← Back to context

Comment by jbryu

6 months ago

Big thanks to everyone who commented so far, I wasn't able to reply to everyone (busy trying to fix the issue!) but grateful for everyone's insights.

I ended up figuring out a fix but it's a little embarrassing... Optimizing certain parts of socket.io helped a little (eg installing bufferutil: https://www.npmjs.com/package/bufferutil), but the biggest performance gain I found was actually going from 2 node.js containers on a single server to just 1! To be exact I was able to go from ~500 concurrent players on a single server to ~3000+. I feel silly because had I been load-testing with 1 container from the start, I would've clearly seen the performance loss when scaling up to 2 containers. Instead I went on a wild goose chase trying to fix things that had nothing to do with the real issue[0].

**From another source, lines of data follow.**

Definition lin_eqs_at (tau kappa nu : lattice R) (Phi Psi chi : lattice C)
    (n1 n2 n3 : int) : Prop :=
  let t   := tau n1 n2 n3 in
  let t1  := tau (n1+1) n2 n3 in
  let t2  := tau n1 (n2+1) n3 in
  let t3  := tau n1 n2 (n3+1) in
  let t12 := tau (n1+1) (n2+1) n3 in
  let t13 := tau (n1+1) n2 (n3+1) in
  let t23 := tau n1 (n2+1) (n3+1) in
  let k   := kappa n1 n2 n3 in
  let k1  := kappa (n1+1) n2 n3 in
  let k2  := kappa n1 (n2+1) n3 in
  let v   := nu n1 n2 n3 in
  let F   := Phi n1 n2 n3 in
  let F1  := Phi (n1+1) n2 n3 in
  let F2  := Phi n1 (n2+1) n3 in
  let F3  := Phi n1 n2 (n3+1) in
  let F12 := Phi (n1+1) (n2+1) n3 in
  let F13 := Phi (n1+1) n2 (n3+1) in
  let F23 := Phi n1 (n2+1) (n3+1) in
  let P   := Psi n1 n2 n3 in
  let X   := chi n1 n2 n3 in
  let X1  := chi (n1+1) n2 n3 in
  let X2  := chi n1 (n2+1) n3 in
  F12 - F = ((t1 * t2) / (t * t12))%:C * (F1 - F2) /\
      X1 - F = ((v * t1) / (k1 * t))%:C * (F1 - P) /\
      F13 - P = ((k1 * t3) / (v * t13))%:C * (X1 - F3) /\
      X2 - F = ((v * t2) / (k2 * t))%:C * (F2 - P) /\
      F23 - P = ((k2 * t3) / (v * t23))%:C * (X2 - F3) /\
      P - X = ((t * t3) / (k * v))%:C * (F3 - F).

(* Compatibility (consistency around the elementary cube): starting from
   arbitrary values of Phi, Phi_1, Phi_2, Phi_3, chi at a point, the system
   imposed at n, n+e1, n+e2, n+e3 (which computes chi_12 in two ways and
   Phi_123 in three ways) always admits a solution. *)
Definition compatible (tau kappa nu : lattice R) : Prop :=
  forall (n1 n2 n3 : int) (a a1 a2 a3 x : C),
  exists (Phi Psi chi : lattice C),
    [/\ Phi n1 n2 n3 = a, Phi (n1+1) n2 n3 = a1, Phi n1 (n2+1) n3 = a2,
        Phi n1 n2 (n3+1) = a3 & chi n1 n2 n3 = x] /\
    [/\ lin_eqs_at tau kappa nu Phi Psi chi n1 n2 n3,
        lin_eqs_at tau kappa nu Phi Psi chi (n1+1) n2 n3,
        lin_eqs_at tau kappa nu Phi Psi chi n1 (n2+1) n3
      & lin_eqs_at tau kappa nu Phi Psi chi n1 n2 (n3+1)].

Definition multiratio (P1 P2 P3 P4 P5 P6 : C) : C :=
  ((P1 - P2) * (P3 - P4) * (P5 - P6)) / ((P2 - P3) * (P4 - P5) * (P6 - P1)).

Definition parallel (u v : C) : Prop := Im (u * v^*) = 0.

Definition reciprocal (oP oX12 oF1 oF2 oF13 oF23 : C)
    (hP1 hP2 hX1 hX2 hF hF3 hF12 hF123 : C) : Prop :=
  parallel (hF12 - hF) (oF2 - oF1) /\
      parallel (hX1 - hF) (oF1 - oP) /\
      parallel (hX2 - hF) (oF2 - oP) /\
      parallel (hF3 - hX1) (oF13 - oP) /\
      parallel (hF3 - hX2) (oF23 - oP) /\
      parallel (hF123 - hF3) (oF23 - oF13) /\
      parallel (hF123 - hP1) (oF13 - oX12) /\
      parallel (hF123 - hP2) (oF23 - oX12) /\
      parallel (hP1 - hF12) (oF1 - oX12) /\
      parallel (hP2 - hF12) (oF2 - oX12) /\
      parallel (hP1 - hX1) (oF1 - oF13) /\
      parallel (hP2 - hX2) (oF2 - oF23).

End Defs.

(** The six linear equations say that every edge of the hexahedral figure is a
    real multiple of the corresponding edge of the octahedral figure.  This
    gives the reciprocity, and it makes each multi-ratio of the hexahedron the
    multi-ratio of the octahedron times a product of six real factors, which
    cancels to 1 identically; so the figures only need [tau], [kappa] and [nu]
    to be nonzero.  For compatibility, the equations compute all values around
    the elementary cube from [Phi], [Phi_1], [Phi_2], [Phi_3] and [chi] at a
    point; [chi_12] is computed twice and [Phi_123] three times, and the three
    consistency conditions become rational identities once the nonlinear
    system is solved for [tau_123], [kappa_12] and [tau_13]. *)

From mathcomp Require Import all_boot all_algebra.
From mathcomp Require Import complex reals.
From mathcomp Require Import ring.

Set Implicit Arguments.
Unset Strict Implicit.
Unset Printing Implicit Defensive.

Import GRing.Theory Num.Theory.
Local Open Scope ring_scope.
Local Open Scope complex_scope.

Section Plane.
Variable R : realType.
Implicit Types (r : R) (u w x y a b : R[i]).

Lemma parallelE u w : parallel u w <-> u * w^* \is Num.real.
Proof. exact: rwP (Creal_ImP _). Qed.

Lemma parallel_sym u w : parallel u w -> parallel w u.
Proof.
rewrite !parallelE => uw_real.
by rewrite -[w * _]conjCK rmorphM /= conjCK mulrC conj_Creal.
Qed.

Lemma parallel_scaled r u w : u = r%:C * w -> parallel u w.
Proof.
move->; rewrite parallelE -mulrA rpredM //; last exact/ger0_real/mul_conjC_ge0.
by apply/complex_realP; exists r.
Qed.

Lemma scaled_subNr r x y a b : x - y = r%:C * (a - b) -> x - y = (- r)%:C * (b - a).
Proof. by move->; rewrite rmorphN /= mulNr -mulrN opprB. Qed.

Lemma scaled_subNl r x y a b : x - y = r%:C * (a - b) -> y - x = (- r)%:C * (a - b).
Proof. by move=> xy; rewrite -opprB xy rmorphN /= mulNr. Qed.

Lemma scaled_subV r x y a b : r != 0 -> x - y = r%:C * (a - b) -> a - b = r^-1%:C * (x - y).
Proof. by move=> r0 ->; rewrite mulrA -rmorphM /= mulVf // mul1r. Qed.

Lemma multiratio_scaled (p1 p2 p3 p4 p5 p6 q1 q2 q3 q4 q5 q6 r1 r2 r3 r4 r5 r6 : R[i]) :
  q1 - q2 = r1 * (p1 - p2) -> q3 - q4 = r2 * (p3 - p4) -> q5 - q6 = r3 * (p5 - p6) ->
  q2 - q3 = r4 * (p2 - p3) -> q4 - q5 = r5 * (p4 - p5) -> q6 - q1 = r6 * (p6 - p1) ->
  multiratio q1 q2 q3 q4 q5 q6
    = (r1 * r2 * r3) / (r4 * r5 * r6) * multiratio p1 p2 p3 p4 p5 p6.
Proof.
have mulr3 (c1 c2 c3 z1 z2 z3 : R[i]) :
    c1 * z1 * (c2 * z2) * (c3 * z3) = c1 * c2 * c3 * (z1 * z2 * z3) by ring.
rewrite /multiratio => -> -> -> -> -> ->.
by rewrite !mulr3 invfM mulrACA.
Qed.

End Plane.

Lemma addrKl (V : zmodType) (x y : V) : x + y - x = y.
Proof. by rewrite addrC addKr. Qed.

Lemma int_offsets (z : int) : (z - z = 0%N) * (z + 1 - z = 1%N) * (z + 1 + 1 - z = 2%N).
Proof. by split; [split|]; rewrite ?subrr ?addrKl // -[z + 1 + 1]addrA addrKl. Qed.

Definition from_offsets (T : Type) (d : T) (n1 n2 n3 : int) (f : nat -> nat -> nat -> T)
    : lattice T :=
  fun m1 m2 m3 => match m1 - n1, m2 - n2, m3 - n3 with
                  | Posz i, Posz j, Posz l => f i j l
                  | _, _, _ => d
                  end.

Section Cube.
Variables (R : realType) (tau kappa nu : lattice R).
Hypothesis nonzero : forall n1 n2 n3 : int,
  [/\ tau n1 n2 n3 != 0, kappa n1 n2 n3 != 0 & nu n1 n2 n3 != 0].

Let tau_neq0 n1 n2 n3 : tau n1 n2 n3 != 0. Proof. by case: (nonzero n1 n2 n3). Qed.
Let kappa_neq0 n1 n2 n3 : kappa n1 n2 n3 != 0. Proof. by case: (nonzero n1 n2 n3). Qed.
Let nu_neq0 n1 n2 n3 : nu n1 n2 n3 != 0. Proof. by case: (nonzero n1 n2 n3). Qed.
Local Hint Resolve tau_neq0 kappa_neq0 nu_neq0 : core.

Let ratio_neq0 (a b c d : R) : a != 0 -> b != 0 -> c != 0 -> d != 0 -> a * b / (c * d) != 0.
Proof. by move=> *; rewrite !mulf_neq0 ?invr_neq0 ?mulf_neq0. Qed.
(* Let $\lambda\in[-1,1)$ and let $\gamma:I\to\mathbb{R}^d$ be a $\lambda$-eel. Then for every $t_1\in I$, the function $t\mapsto\|\gamma(t_1)-\gamma(t)\|+\lambda\,\ell(\gamma|_{[t_1,t]})$ is non-decreasing on $I\cap[t_1,\infty)$.
   Context: $\mathbb{R}^d$ carries the Euclidean inner product $\langle\cdot,\cdot\rangle$ and norm $\|\cdot\|$; $I\subset\mathbb{R}$ is an interval. A $\lambda$-eel is a continuous curve $\gamma:I\to\mathbb{R}^d$ with a nonzero right derivative $\gamma'(\tau)$ at each point such that for all $t<\tau$ in $I$: $\langle\gamma'(\tau),\gamma(t)-\gamma(\tau)\rangle\le\lambda\|\gamma'(\tau)\|\|\gamma(t)-\gamma(\tau)\|$. $\ell(\gamma|_{[t_1,t]})$ is the length of the restriction, $\sup\sum\|\gamma(s_i)-\gamma(s_{i+1})\|$ over finite increasing sequences in $[t_1,t]$. *)

From HB Require Import structures.
From mathcomp Require Import all_boot all_order all_algebra.
From mathcomp Require Import all_classical all_reals all_analysis.
Set Implicit Arguments. Unset Strict Implicit. Unset Printing Implicit Defensive.
Import Order.TTheory GRing.Theory Num.Theory.
Import numFieldNormedType.Exports.
Local Open Scope classical_set_scope.
Local Open Scope ring_scope.

(* Euclidean inner product and norm on R^d (the library norm on matrices is
   the sup norm, so we define the Euclidean ones explicitly). *)
Definition edot (R : realType) (d : nat) (u v : 'rV[R]_d) : R :=
  \sum_(i < d) u ord0 i * v ord0 i.

Definition enorm (R : realType) (d : nat) (u : 'rV[R]_d) : R :=
  Num.sqrt (edot u u).

Definition right_deriv (R : realType) (d : nat) (I : interval R)
    (gamma : R -> 'rV[R]_d) (tau : R) (v : 'rV[R]_d) : Prop :=
  (fun h : R => h^-1 *: (gamma (tau + h) - gamma tau))
    @ within [set h : R | tau + h \in I] (0 : R)^'+ --> v.

Definition eel (R : realType) (d : nat) (lam : R) (I : interval R)
    (gamma : R -> 'rV[R]_d) : Prop :=
  {within [set` I], continuous gamma} /\
  exists gd : R -> 'rV[R]_d,
    forall tau, tau \in I ->
      [/\ right_deriv I gamma tau (gd tau), gd tau != 0 &
          forall t, t \in I -> t < tau ->
            edot (gd tau) (gamma t - gamma tau)
              <= lam * enorm (gd tau) * enorm (gamma t - gamma tau)].

Definition polylen (R : realType) (d : nat) (gamma : R -> 'rV[R]_d)
    (s : seq R) : R :=
  \sum_(i < (size s).-1) enorm (gamma (nth 0 s i) - gamma (nth 0 s i.+1)).

Definition curve_length (R : realType) (d : nat) (gamma : R -> 'rV[R]_d)
    (a b : R) : \bar R :=
  ereal_sup [set (polylen gamma s)%:E | s in
     [set s : seq R | sorted <%R s /\ all (fun x => (a <= x) && (x <= b)) s]].

From HB Require Import structures.
From mathcomp Require Import all_boot all_order all_algebra.
From mathcomp Require Import all_classical all_reals all_analysis.
From mathcomp Require Import ring lra.
Import Order.TTheory GRing.Theory Num.Theory.
Import numFieldNormedType.Exports.
Local Open Scope classical_set_scope.
Local Open Scope ring_scope.

(* Write dist u = |gamma t1 - gamma u|.  At m >= t1, with v the right derivative
   and w = gamma t1 - gamma m, the eel inequality <v, w> <= lam |v| |w| gives
   |w - h v| >= |w| - h lam |v|, hence
     dist m - dist (m + h) <= lam |gamma m - gamma (m + h)| + o(h).
   Real induction on [a, b] (continuity of gamma handling left limits) turns
   this into: for t1 <= a <= b and e > 0, some chain from a to b satisfies
   dist a - dist b <= lam * (its polygonal length) + e.
   For lam >= 0 this bounds dist s - dist t by lam * length[s, t].  For lam < 0,
   the two-point chain bound dist a - dist b <= lam |gamma a - gamma b| telescopes
   over any partition of [s, t] and bounds -lam * length[s, t] by dist t - dist s.
   Additivity length[t1, t] = length[t1, s] + length[s, t] concludes. *)

Section EuclideanSpace.
Context {R : realType} {d : nat}.
Implicit Types (x y z v w D : 'rV[R]_d) (c : R).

In the end it seems like the bottleneck was indeed happening at the NIC/OS layer rather than the application layer. Apparently the NIC/OS prefers to deal with a single process screaming `n` packets at it rather than `x` processes screaming `n/x` packets. In fact it seems like the bigger `x` is, the worse performance degrades. Perhaps something to do with context switching, but I'm not 100% sure. Unfortunately given my lacking infra/networking knowledge this wasn't intuitive to me at all - it didn't occur to me that scaling down could actually improve performance!

Overall a frustrating but educational experience. Again, thanks to everyone who helped along the way!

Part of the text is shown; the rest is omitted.